When using vLLM 0.9.1, the mooncake_conversation_trace.csv trace fails because the total token length exceeds the max_model_len = 8192 limit for Meta-Llama-3-8B. Even after scaling down the token length and rerunning, the simulated latency still does not match vLLM’s measurements. Which framework does Vidur currently support, and what trace/configuration settings would you recommend for reproducing the results accurately?
python -m vidur.main \
--time_limit 10800 \
--replica_config_model_name meta-llama/Meta-Llama-3-8B \
--replica_config_device h100 \
--replica_config_network_device h100_dgx \
--cluster_config_num_replicas 8 \
--replica_config_tensor_parallel_size 1 \
--replica_config_num_pipeline_stages 1 \
--request_generator_config_type synthetic \
--synthetic_request_generator_config_num_requests 128 \
--length_generator_config_type trace \
--trace_request_length_generator_config_trace_file ./data/processed_traces/mooncake_conversation_trace.csv \
--interval_generator_config_type poisson \
--poisson_request_interval_generator_config_qps 8.0 \
--global_scheduler_config_type round_robin \
--replica_scheduler_config_type vllm_v1 \
--vllm_v1_scheduler_config_chunk_size 512 \
--vllm_v1_scheduler_config_batch_size_cap 512 \
--cache_config_enable_prefix_caching
Hi @nba556677go,
There is a vidur branch in sarathi-serve repo.
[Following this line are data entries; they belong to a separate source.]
(* tight filters: closure of the ultrafilters in F(P), i.e. every basic
   open neighbourhood of F contains an ultrafilter *)
Definition is_tight (F : P -> Prop) : Prop :=
  is_filter F /\
  forall x xs, basicU x xs F -> exists G, is_ultrafilter G /\ basicU x xs G.

Definition Vb (x : P) (xs : seq P) (F : P -> Prop) : Prop :=
  is_tight F /\ basicU x xs F.
Definition V (x : P) : (P -> Prop) -> Prop := Vb x [::].

(* open subsets of T(P) (subspace topology) *)
Definition openT (U : (P -> Prop) -> Prop) : Prop :=
  (forall F, U F -> is_tight F) /\
  forall F, U F -> exists x xs, basicU x xs F /\
     forall G, is_tight G -> basicU x xs G -> U G.

Definition compactT (U : (P -> Prop) -> Prop) : Prop :=
  forall (I : Type) (O : I -> (P -> Prop) -> Prop),
    (forall i, openT (O i)) ->
    (forall F, U F -> exists i, O i F) ->
    exists s : seq I, forall F, U F -> exists2 k, (k < size s)%N & (forall i0, O (nth i0 s k) F).

Definition Tc (U : (P -> Prop) -> Prop) : Prop := openT U /\ compactT U.

Definition fincover (x : P) (s : seq P) : Prop :=
  (forall z, z \in s -> z <= x) /\
  forall y, y != \bot -> y <= x -> exists2 z, z \in s & z `&` y != \bot.

End TightFilters.

(* P1 ⊆ P2: injective meet- and 0-preserving map *)
Definition semilattice_embedding d1 d2 (P1 : bMeetSemilatticeType d1)
  (P2 : bMeetSemilatticeType d2) (i : P1 -> P2) : Prop :=
  injective i /\ (forall x y, i (x `&` y) = i x `&` i y) /\ i \bot = \bot.

Definition downward_closed d1 d2 (P1 : bMeetSemilatticeType d1)
  (P2 : bMeetSemilatticeType d2) (i : P1 -> P2) : Prop :=
  forall (x : P1) (y : P2), y <= i x -> exists z, i z = y.

Definition preserves_fincovers d1 d2 (P1 : bMeetSemilatticeType d1)
  (P2 : bMeetSemilatticeType d2) (i : P1 -> P2) : Prop :=
  forall (x : P1) (s : seq P1), fincover x s -> fincover (i x) (map i s).

(* the partial map re : T(P2) --> T(P1), xi |-> xi ∩ P1 (defined when nonempty) *)
Definition re d1 d2 (P1 : bMeetSemilatticeType d1)
  (P2 : bMeetSemilatticeType d2) (i : P1 -> P2) (xi : P2 -> Prop) : P1 -> Prop :=
  fun x => xi (i x).
Lemma orth_uniq_roots : exists2 s : seq R, size s = N & uniq s && all (root p) s.
Proof.
pose pC := map_poly (real_complex R) p.
have [r pC_eq] := closed_field_poly_normal pC.
have lead_neq0 : lead_coef pC != 0.
  by rewrite lead_coef_eq0 -size_poly_eq0 size_map_poly size_p.
have size_r : size r = N.
  by move: (size_map_poly (real_complex R) p); rewrite -/pC pC_eq size_scale //
    size_prod_XsubC size_p => -[].
have root_pC z : root pC z = (z \in r) by rewrite pC_eq rootZ // root_prod_XsubC.
have root_conj z : root pC z -> root pC z^*%C.
  rewrite -complex_root_conj; congr (root _ _); apply/polyP => i.
  by rewrite !coef_map /= oppr0.
have conj_notin_rem z : z \in r -> z^*%C \notin rem z r.
  move=> z_in_r; apply/negP => zJ_in_rem.
  have : ('X - z%:P) * ('X - (z^*%C)%:P) %| pC.
    rewrite pC_eq dvdpZr // (perm_big _ (perm_to_rem z_in_r)) big_cons.
    rewrite (perm_big _ (perm_to_rem zJ_in_rem)) big_cons /= mulrA.
    exact: dvdp_mulIl.
  rewrite mul_XsubC_conjc dvdp_map; apply/negP; exact: orth_ndvd_quadratic.
have conj_real z : z \in r -> z^*%C = z.
  move=> z_in_r; apply/eqP; apply: contraNT (conj_notin_rem z z_in_r) => zJ_neq_z.
  have : z^*%C \in r by rewrite -root_pC root_conj ?root_pC.
  by rewrite (perm_mem (perm_to_rem z_in_r)) in_cons (negPf zJ_neq_z).
have uniq_r : uniq r.
  apply: uniq_notin_rem => z z_in_r.
  by have := conj_notin_rem z z_in_r; rewrite conj_real.
have real_Re z : z \in r -> ((complex.Re z)%:C)%C = z by move/conj_real/conjc_id_real.
exists (map (@complex.Re R) r); first by rewrite size_map.
apply/andP; split.
  rewrite map_inj_in_uniq // => z1 z2 z1_in_r z2_in_r eq_Re.
  by rewrite -(real_Re z1) // -(real_Re z2) // eq_Re.
apply/allP => _ /mapP [z z_in_r ->].
have := z_in_r; rewrite -root_pC -{1}(real_Re z) // /root /pC horner_map /=.
by rewrite fmorph_eq0.
Qed.

Lemma gauss_quadrature (x : nat -> R) : (0 < N)%N -> injective x ->
    (forall i, (i < N)%N -> root p (x i)) ->
  exists2 w : 'I_N -> R, (forall i, 0 < w i) &
    forall f : {poly R}, (size f <= N.*2)%N -> L f = \sum_(i < N) w i * f.[x i].
Proof.
move=> N_gt0 x_inj x_root; pose l i : {poly R} := tnth (N.-lagrange x) i.
have p_neq0 : p != 0 by rewrite -size_poly_eq0 size_p.
have quadrature (f : {poly R}) :
    (size f <= N.*2)%N -> L f = \sum_(i < N) L (l i) * f.[x i].
  move=> size_f.
  have f_at_nodes (i : 'I_N) : f.[x i] = (f %% p).[x i].
    rewrite {1}(divp_eq f p) hornerD hornerM.
    by rewrite (rootP (x_root i (ltn_ord i))) mulr0 add0r.
  (* Orthogonality kills the quotient by p; the remainder is interpolated. *)
  rewrite {1}(divp_eq f p) linearD /= mulrC p_orth ?add0r; last first.
    by rewrite size_divp // size_p leq_subLR addnn.
  rewrite {1}(lagrange_gen N_gt0 x_inj (p := f %% p)); last first.
    by rewrite -ltnS -size_p ltn_modp.
  rewrite linear_sum; apply: eq_bigr => i _.
  by rewrite mul_polyC linearZ /= mulrC f_at_nodes.
exists (fun i => L (l i)) => // i.
have l_sample (j : 'I_N) : (l i).[x j] = (i == j)%:R.
  exact: lagrange_sample.
have l_neq0 : l i != 0 :> {poly R}.
  by apply: contra_eq_neq (l_sample i) => ->; rewrite horner0 eqxx eq_sym oner_neq0.
suff -> : L (l i) = L (l i * l i) by exact: L_sqr_gt0.
rewrite [in RHS]quadrature; last first.
  rewrite (leq_trans (size_polyMleq _ _)) // size_lagrange_ // -addnn.
  by case: (N) N_gt0.
rewrite (bigD1 i) //= big1 ?addr0 => [|j /negPf j_neq_i]; last first.
  by rewrite hornerM l_sample eq_sym j_neq_i !mulr0.
by rewrite hornerM l_sample eqxx !mulr1.
Qed.

End GaussQuadrature.

Section Lgamma.
Variable R : comNzRingType.
Implicit Types p q : {poly R}.

(* Lgamma p is the integral of p(x) e^(-x) over [0, +oo), defined through the
   moments i!. *)
Definition Lgamma p : R := \sum_(i < size p) p`_i * (i`!)%:R.

Lemma Lgamma_widen n p :
  (size p <= n)%N -> Lgamma p = \sum_(i < n) p`_i * (i`!)%:R.
Proof.
move=> le_pn; rewrite /Lgamma (big_ord_widen n (fun i => p`_i * (i`!)%:R)) //.
rewrite big_mkcond; apply: eq_bigr => i _.
by case: ltnP => // /(nth_default 0) ->; rewrite mul0r.
Qed.

Fact Lgamma_is_linear : linear_for *%R Lgamma.
Proof.
move=> a p q; pose n := maxn (size p) (size q).
have le_pn : (size p <= n)%N by rewrite leq_maxl.
have le_qn : (size q <= n)%N by rewrite leq_maxr.
rewrite (Lgamma_widen le_pn) (Lgamma_widen le_qn) (@Lgamma_widen n); last first.
  by rewrite (leq_trans (size_polyD _ _)) // geq_max (leq_trans (size_scale_leq _ _)).
rewrite mulr_sumr -big_split; apply: eq_bigr => i _.
by rewrite coefD coefZ mulrDl mulrA.
Qed.

HB.instance Definition _ :=
  GRing.isLinear.Build R {poly R} R *%R Lgamma Lgamma_is_linear.

Lemma LgammaXn k : Lgamma 'X^k = (k`!)%:R.
Proof.
rewrite /Lgamma size_polyXn big_ord_recr /= coefXn eqxx mul1r big1 ?add0r //.
by move=> i _; rewrite coefXn ltn_eqF // mul0r.
Qed.

Lemma Lgamma_mul p q : Lgamma (p * q) =
  \sum_(a < size p) \sum_(b < size q) p`_a * q`_b * ((a + b)`!)%:R.
Proof.
rewrite -{1}[p]coefK -{1}[q]coefK !poly_def mulr_suml linear_sum.
apply: eq_bigr => a _; rewrite mulr_sumr linear_sum; apply: eq_bigr => b _.
by rewrite -scalerAl -scalerAr scalerA -exprD linearZ /= LgammaXn.
Qed.

Lemma Lgamma_sqr p : Lgamma (p * p) =
  \sum_(l < size p) (\sum_(a < size p) p`_a * (a`!)%:R * 'C(a, l)%:R) ^+ 2.
Proof.
rewrite Lgamma_mul; symmetry.
under eq_bigr => l _ do rewrite expr2 mulr_suml.
rewrite exchange_big; apply: eq_bigr => a _.
under eq_bigr => l _ do rewrite mulr_sumr.
rewrite exchange_big; apply: eq_bigr => b _.
rewrite (fact_addn_binomial_sum b (ltn_ord a)) !natrM natr_sum.
by rewrite !mulr_sumr; apply: eq_bigr => l _; rewrite natrM; ring.
Qed.

End Lgamma.

Lemma Lgamma_sqr_gt0 (R : realDomainType) (p : {poly R}) :
  p != 0 -> 0 < Lgamma (p * p).
Proof.
move=> p_neq0; have [K size_p] : exists K, size p = K.+1.
  by exists (size p).-1; rewrite prednK // lt0n size_poly_eq0.
have lead_term : \sum_(a < K.+1) p`_a * (a`!)%:R * 'C(a, K)%:R = p`_K * (K`!)%:R.
  rewrite big_ord_recr /= binn mulr1 big1 ?add0r // => a _.
  by rewrite bin_small ?mulr0.
rewrite Lgamma_sqr size_p big_ord_recr /= lead_term.
apply: ltr_wpDl; first by apply: sumr_ge0 => l _; exact: sqr_ge0.
rewrite exprn_even_gt0 //= mulf_neq0 //; last by rewrite pnatr_eq0 -lt0n fact_gt0.
have <- : lead_coef p = p`_K by rewrite lead_coefE size_p.
by rewrite lead_coef_eq0.
Qed.

Section Laguerre.
Variable R : realFieldType.

Definition laguerre N : {poly R} :=
  \poly_(k < N.+1) ((-1) ^+ k * 'C(N, k)%:R / (k`!)%:R).

Lemma size_laguerre N : size (laguerre N) = N.+1.
Proof.
rewrite size_poly_eq // binn mulr1 mulf_neq0 ?signr_eq0 //.
by rewrite invr_eq0 pnatr_eq0 -lt0n fact_gt0.
Qed.
(* Let N be the space of vectors of E_1^*V + ... + E_t^*V orthogonal to the primary module
   M x̂, and S the orthogonal complement of T N.  A vector lies in S exactly when all its
   T-translates are relative t-codesigns.  As T is closed under adjoints, S^⊥ is a T-module.
   An irreducible submodule of S^⊥ is orthogonal to x̂ ∈ S and is not contained in S, so its
   endpoint lies in [1, t]; this gives (i) => (ii).  Conversely, if W is irreducible with
   endpoint r in [1, t], then E_r^* W ⊥ S, because E_r^* S lies in the line of A_r x̂ while
   W ⊥ A_r x̂; so W meets S^⊥ and is contained in it, which gives (ii) => (i).

   In the thin case put w_0 = E_r^* w ≠ 0 and w_{j+1} = E_{r+j+1}^* A_1 w_j.  As A_1 is
   tridiagonal with respect to the E_i^* and W is thin, A_1 w_j is a combination of w_{j-1},
   w_j, w_{j+1}; since every A_l is a polynomial in A_1, the span of the w_j is a T-module,
   hence equals W, and it lies in M w_0.  Finally <A_l w_0, chi> = <w_0, E_r^* A_l chi> = 0,
   as E_r^* A_l chi is a multiple of A_r x̂. *)

From HB Require Import structures.
From mathcomp Require Import all_boot all_order all_algebra.
From mathcomp Require Import zify.
From Stdlib Require Import Classical.
Import Order.TTheory GRing.Theory Num.Theory.
Set Implicit Arguments. Unset Strict Implicit. Unset Printing Implicit Defensive.
Local Open Scope ring_scope.
Local Open Scope sesquilinear_scope.

Section InnerProduct.
Variables (C : numClosedFieldType) (n : nat).
Implicit Types (u v w : 'cV[C]_n) (F : 'M[C]_n).

Lemma hdotE u v : hdot u v = (v ^t* *m u) 0 0.
Proof. by rewrite mxE; apply: eq_bigr => y _; rewrite !mxE mulrC. Qed.

Lemma hdotDl u v w : hdot (u + v) w = hdot u w + hdot v w.
Proof. by rewrite !hdotE mulmxDr mxE. Qed.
That would be closest baseline for Vidur. Next closest is the main branch. vLLM has undergone tremendous amount of development since Vidur was released mid-2024. Still 700% error means something fundamental is wrong. Things to look out:
- Try disabling prefix caching and reconciling the two systems. To reconcile with prefix caching, Vidur needs to support actual token ids in request which it doesn’t today. This is what vLLM (or any real inference system) uses but Vidur supports only hash of blocks of token ids in the requests today.
- (General advice) Start with
staticworkloads where all the requests arrive at start itself. Then proceed to experiments where requests arrive at a certain qps. Note that beyond a certain (capacity) qps, latencies of both the actual system and Vidur shoot up and it is not possible to reconcile both the systems. See how to run Vidur with different workloads guide.
I would try to match Vidur with vLLM v1 today as it up-to-date and has incorporated chunked prefill in it.
Does seem that QPS need to be selected carefully. I switched to static with just 5 request sent with vllm v1, and P50 e2e latency error is now 30%
Do you have the number of maximum QPS capacity for H100/A100 on Meta-Llama-3-8B model?
Also, since running sarathi-serve is not useful for us, do you think 30% error can be mostly reduced, without reconciling token ids, by
- running the closest vllm version(0.5.1?) to sarathi serve. OR
- reprofiling the device? I am using aws P5 instance rather than h100-dgx and not sure if the overall system stack would affect the performance.
I am trying to evaluate which approach can be more helpful for the goal of running vidur on vllm v1.